There are some severe differences between the packages you cited. The differences are the reason why you cannot get (AFAIK) directly the computational graph from an automatic differentiation library, but you can get it from a symbolic based one.

In short:

numerical differentiation: numpy is enough
symbolic differentiation: sympy
automatic differentiation: autograd is one example

There are three kind of differentiations methods:

numerical differentiation: this evaluates Delta(f(x)) / Delta(x) where Delta(x) is a small difference that represents variation of x while remaining in the domain of f. This is not what you need. You don't need a package for this.
symbolic differentiation: is based upon the construction of a graph that represents the symbolic applications of function (I have an article on the implementation of symbolic engine in Ruby here). In this case the differentiation is performed through a recursive application of the chain derivation rule:
```
f(g(x))' = f'(g(x)) * g'(x)
```
When this rule is applied to the whole symbolic graph, what results is a newer symbolic graph with the derivative. The advantage lies in the fact that the derivative is exact, but for very complex graph, the final derivative graph may be non-tractable (exceeds memory limits or stack limits for too deep recursion). In python sympy implements this kind of derivation. On the other side, if you have a graph of the derivative you can perform operations on it, such as simplifications or substitutions.
```
from sympy import *
import numpy as np

x = symbol('x')
f = 1 / x
df = diff(f, x)
print(df)
# -1/x**2

ldf = lambdify((x), df)

# Now ldf is a lambda
x_ary = np.array([
  [[1, 2, 3], [1, 2, 3]], 
  [[1, 2, 3], [1, 2, 3]]
])
y_ary = ldf(x_ary)

print(xn.shape)
# (2, 2, 3)
print(y_ary)
# array([[[-1.        , -0.25      , -0.11111111],
#         [-1.        , -0.25      , -0.11111111]],
#        [[-1.        , -0.25      , -0.11111111],
#         [-1.        , -0.25      , -0.11111111]]])
```
as you can see it works with numpy, but it covers some of the basic examples not everything, and in fact sympy.matrix alongside with sympy.symbol should be used for particular graph (for example: I don't think it can handle diff(x.T A x, x) = x.T A + A x) directly).
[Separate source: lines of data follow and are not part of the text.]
Lemma posL_tooth t : (t < N)%N -> posL A (6 * N + 4 + t) =
  if nat_in A t then (2, 3 * Z.of_nat t + 3)%Z else (-1, 3 * Z.of_nat t + 3)%Z.
Proof.
move=> ht; rewrite /posL ifF; last by lia.
by have -> : (6 * N + 4 + t - (6 * N + 4))%N = t by lia.
Qed.

Lemma posR_strip i : (10 <= i)%N -> (i < 6 * N + 15)%N ->
  posR B i = (4 + Z.of_nat (i - 7) mod 2, Z.of_nat (i - 7) / 2 - 2)%Z.
Proof. by move=> h1 h2; rewrite /posR ifF ?h2 //; lia. Qed.

Lemma posR_tooth t : (t < N)%N -> posR B (6 * N + 15 + t) =
  if nat_in B t then (3, 3 * Z.of_nat t + 3)%Z else (6, 3 * Z.of_nat t + 3)%Z.
Proof.
move=> ht; rewrite /posR ifF; last by lia.
rewrite ifF; last by lia.
by have -> : (6 * N + 15 + t - (6 * N + 15))%N = t by lia.
Qed.

Lemma posL_core j : (j < 4)%N -> posL A j = nth (0,0)%Z [:: (0,0); (1,0); (0,1); (1,1)]%Z j.
Proof.
move=> h; rewrite posL_strip; last by lia.
by case: j h => [|[|[|[|j]]]].
Qed.

Definition tabR13 : seq (Z * Z) := tabR ++ [:: (5,-1); (4,0); (5,0)]%Z.

Lemma posR_head i : (i < 13)%N -> posR B i = nth (0,0)%Z tabR13 i.
Proof.
move=> h; case: (ltnP i 10) => h10.
- by rewrite /posR h10 /tabR13 nth_cat h10.
- rewrite posR_strip //; last by lia.
  by case: i h h10 => [|[|[|[|[|[|[|[|[|[|[|[|[|i]]]]]]]]]]]]].
Qed.

Lemma posLR j : (j < 2)%N -> posL A j = posR B j.
Proof. by move=> h; rewrite posL_core ?posR_head; case: j h => [|[|j]]. Qed.

Ltac caseL H := case: (posL_spec H) => [[? ->]|[? [? [? [[? ->]|[? ->]]]]]].
Ltac caseR H := case: (posR_spec H) => [[? ->]|[[? ->]|[? [? [? [[? ->]|[? ->]]]]]]].
Ltac tabR_cases v := destruct v as [|[|[|[|[|[|[|[|[|[|v]]]]]]]]]]; cbn [nth tabR fst snd] in *.

Lemma close_teeth u v : (2 <= u)%N -> (u < nL)%N -> (2 <= v)%N -> (v < nR)%N ->
  (tdist2 (posL A u) (posR B v) <= 1)%Z ->
  exists t, [/\ u = (6 * N + 4 + t)%N, v = (6 * N + 15 + t)%N, nat_in A t & nat_in B t].
Proof.
move=> u2 uL v2 vR /tdist2_le1.
case: (posL_spec uL) => [[? ->]|[tL [? [uE [[tA ->]|[? ->]]]]]];
case: (posR_spec vR) => [[? ->]|[[? ->]|[tR [? [vE [[tB ->]|[? ->]]]]]]];
  cbn [fst snd] => -[h1 [h2 h3]]; try (exfalso; lattice_lia);
  try (match goal with H : is_true (v < 10)%N |- _ => tabR_cases v; exfalso; lattice_lia end).
have E : tR = tL by lattice_lia.
by subst tR; exists tL.
Qed.

Lemma teeth_touch t : (t < N)%N -> nat_in A t -> nat_in B t ->
  tdist2 (posL A (6 * N + 4 + t)) (posR B (6 * N + 15 + t)) = 1%Z.
Proof. by move=> ht tA tB; rewrite posL_tooth // posR_tooth // tA tB; lattice_unit. Qed.

Lemma posL_inj i j : (i < nL)%N -> (j < nL)%N -> posL A i = posL A j -> i = j.
Proof.
move=> iL jL; caseL iL; caseL jL => E;
  have := f_equal fst E; have := f_equal snd E; lattice_lia.
Qed.

Lemma posR_inj i j : (i < nR)%N -> (j < nR)%N -> posR B i = posR B j -> i = j.
Proof.
move=> iR jR; caseR iR; caseR jR => E; have := f_equal fst E; have := f_equal snd E;
  try (match goal with H : is_true (i < 10)%N |- _ => tabR_cases i end);
  try (match goal with H : is_true (j < 10)%N |- _ => tabR_cases j end);
  lattice_lia.
Qed.

Lemma posL_apex i : (3 <= i)%N -> (i < nL)%N -> exists p q w, lattice_apex (posL A) i p q w.
Proof.
move=> i3 iL; case: (posL_spec iL) => [[istrip _]|[t [tN [-> _]]]].
- exists (i - 1)%N, (i - 2)%N, (i - 3)%N; rewrite /lattice_apex /is_apex !posL_strip; try lia.
  have [k ik] : exists k, (i = 2 * k \/ i = 2 * k + 1)%N by exists i./2; lia.
  by case: ik => ik; rewrite ik; solve_apex.
- case tA: (nat_in A t).
  + by exists (6 * t + 7)%N, (6 * t + 9)%N, (6 * t + 8)%N;
      rewrite /lattice_apex /is_apex posL_tooth // tA !posL_strip; try lia; solve_apex.
  + by exists (6 * t + 6)%N, (6 * t + 4)%N, (6 * t + 5)%N;
      rewrite /lattice_apex /is_apex posL_tooth // tA !posL_strip; try lia; solve_apex.
Qed.

Lemma posR_apex i : (3 <= i)%N -> (i < nR)%N -> exists p q w, lattice_apex (posR B) i p q w.
Proof.
move=> i3 iR; case: (ltnP i 13) => i13.
  destruct i as [|[|[|[|[|[|[|[|[|[|[|[|[|i]]]]]]]]]]]]]; try lia;
  [ exists 1%N, 2%N, 0%N | exists 2%N, 3%N, 1%N | exists 3%N, 4%N, 2%N
  | exists 3%N, 5%N, 4%N | exists 5%N, 6%N, 3%N | exists 6%N, 7%N, 5%N
  | exists 7%N, 8%N, 6%N | exists 8%N, 9%N, 7%N | exists 10%N, 8%N, 9%N
  | exists 11%N, 10%N, 8%N ];
  by rewrite /lattice_apex /is_apex !posR_head //; solve_apex.
case: (posR_spec iR) => [[? _]|[[istrip _]|[t [tN [-> _]]]]]; first lia.
- exists (i - 1)%N, (i - 2)%N, (i - 3)%N; rewrite /lattice_apex /is_apex !posR_strip; try lia.
  have [k ik] : exists k, (i - 7 = 2 * k \/ i - 7 = 2 * k + 1)%N by exists (i - 7)./2; lia.
  by case: ik => ik; solve_apex.
- case tB: (nat_in B t).
  + by exists (6 * t + 17)%N, (6 * t + 15)%N, (6 * t + 16)%N;
      rewrite /lattice_apex /is_apex posR_tooth // tB !posR_strip; try lia; solve_apex.
  + by exists (6 * t + 18)%N, (6 * t + 20)%N, (6 * t + 19)%N;
      rewrite /lattice_apex /is_apex posR_tooth // tB !posR_strip; try lia; solve_apex.
Qed.

Lemma posL_special_nbr j u : (j < 2)%N -> (u < nL)%N ->
  tdist2 (posL A j) (posL A u) = 1%Z -> (u < 4)%N.
Proof.
move=> j2 uL /Z.eq_le_incl/tdist2_le1; rewrite posL_core; last by lia.
by caseL uL; case: j j2 => [|[|j]] // _; cbn [nth]; lattice_lia.
Qed.

Lemma posR_special_nbr j v : (j < 2)%N -> (v < nR)%N ->
  tdist2 (posR B j) (posR B v) = 1%Z -> (v < 4)%N.
Proof.
move=> j2 vR /Z.eq_le_incl/tdist2_le1; rewrite posR_head; last by lia.
caseR vR; case: j j2 => [|[|j]] // _; cbn [nth tabR13 tabR cat];
  try (match goal with H : is_true (v < 10)%N |- _ => tabR_cases v end); lattice_lia.
Qed.
End Positions.

(** * The glued graph *)


Lemma inord_special_inj n : (1 <= n)%N -> injective (fun i : 'I_2 => inord i : 'I_n.+1).
Proof.
move=> n1 i j /(f_equal (@nat_of_ord _)); rewrite !inordK; [exact: val_inj | |];
  by apply: leq_trans (ltn_ord _) _.
Qed.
It is possible also to export the graph as C code, but it has some limited capabilities and for your application you must certainly modify the result:
```
from scipy.utilities.codegen import codegen

[(cf, cc), (hf, hc)] = codegen(("df", df), "C", "df")

print(hc, cc)
```
Prints out:

/*****************************************************
 *      Code generated with sympy 1.1.1              *
 *  See http://www.sympy.org/ for more information.  *
 *      This file is part of 'project'               *
 *****************************************************/

#ifndef PROJECT__DIFF__H
#define PROJECT__DIFF__H

double df(double x);

#endif

/*****************************************************
 *      Code generated with sympy 1.1.1              *
 *  See http://www.sympy.org/ for more information.  *
 *      This file is part of 'project'               *
 *****************************************************/
#include "diff.h"
#include <math.h>

double df(double x) {   
  double df_result;
  df_result = -1/pow(x, 2);
  return df_result;   
}

automatic differentiation is what is done through autograd. In this case the best of both world is united. From one side it is not necessary to explicitly evaluate the graph, on the other side you cannot perform further operation on the derived function, while keeping the derivative exact. This is done (usually) by augmenting the float definition with an additional field (something like float[2] or more), where the additional field contains the derivative. For example in an automatic differentiation environment, the sin function may be overloaded with:
```
def sin(x):
     return [sin(x[0]), x[1] * cos(x[0])]
```
but as you can understand in this way, no computational graph is available, but you get directly the value of the exact derivative along x (all functions must be overloaded). I have an example more complete (in C lang, using only macros) here. Notice that internally Tensorflow uses automatic differentiation instead of symbolic one but suggests user to directly provide an "explicit version" that handles numerical instabilities!. Automatic differentiation does not handles numerical instability usually.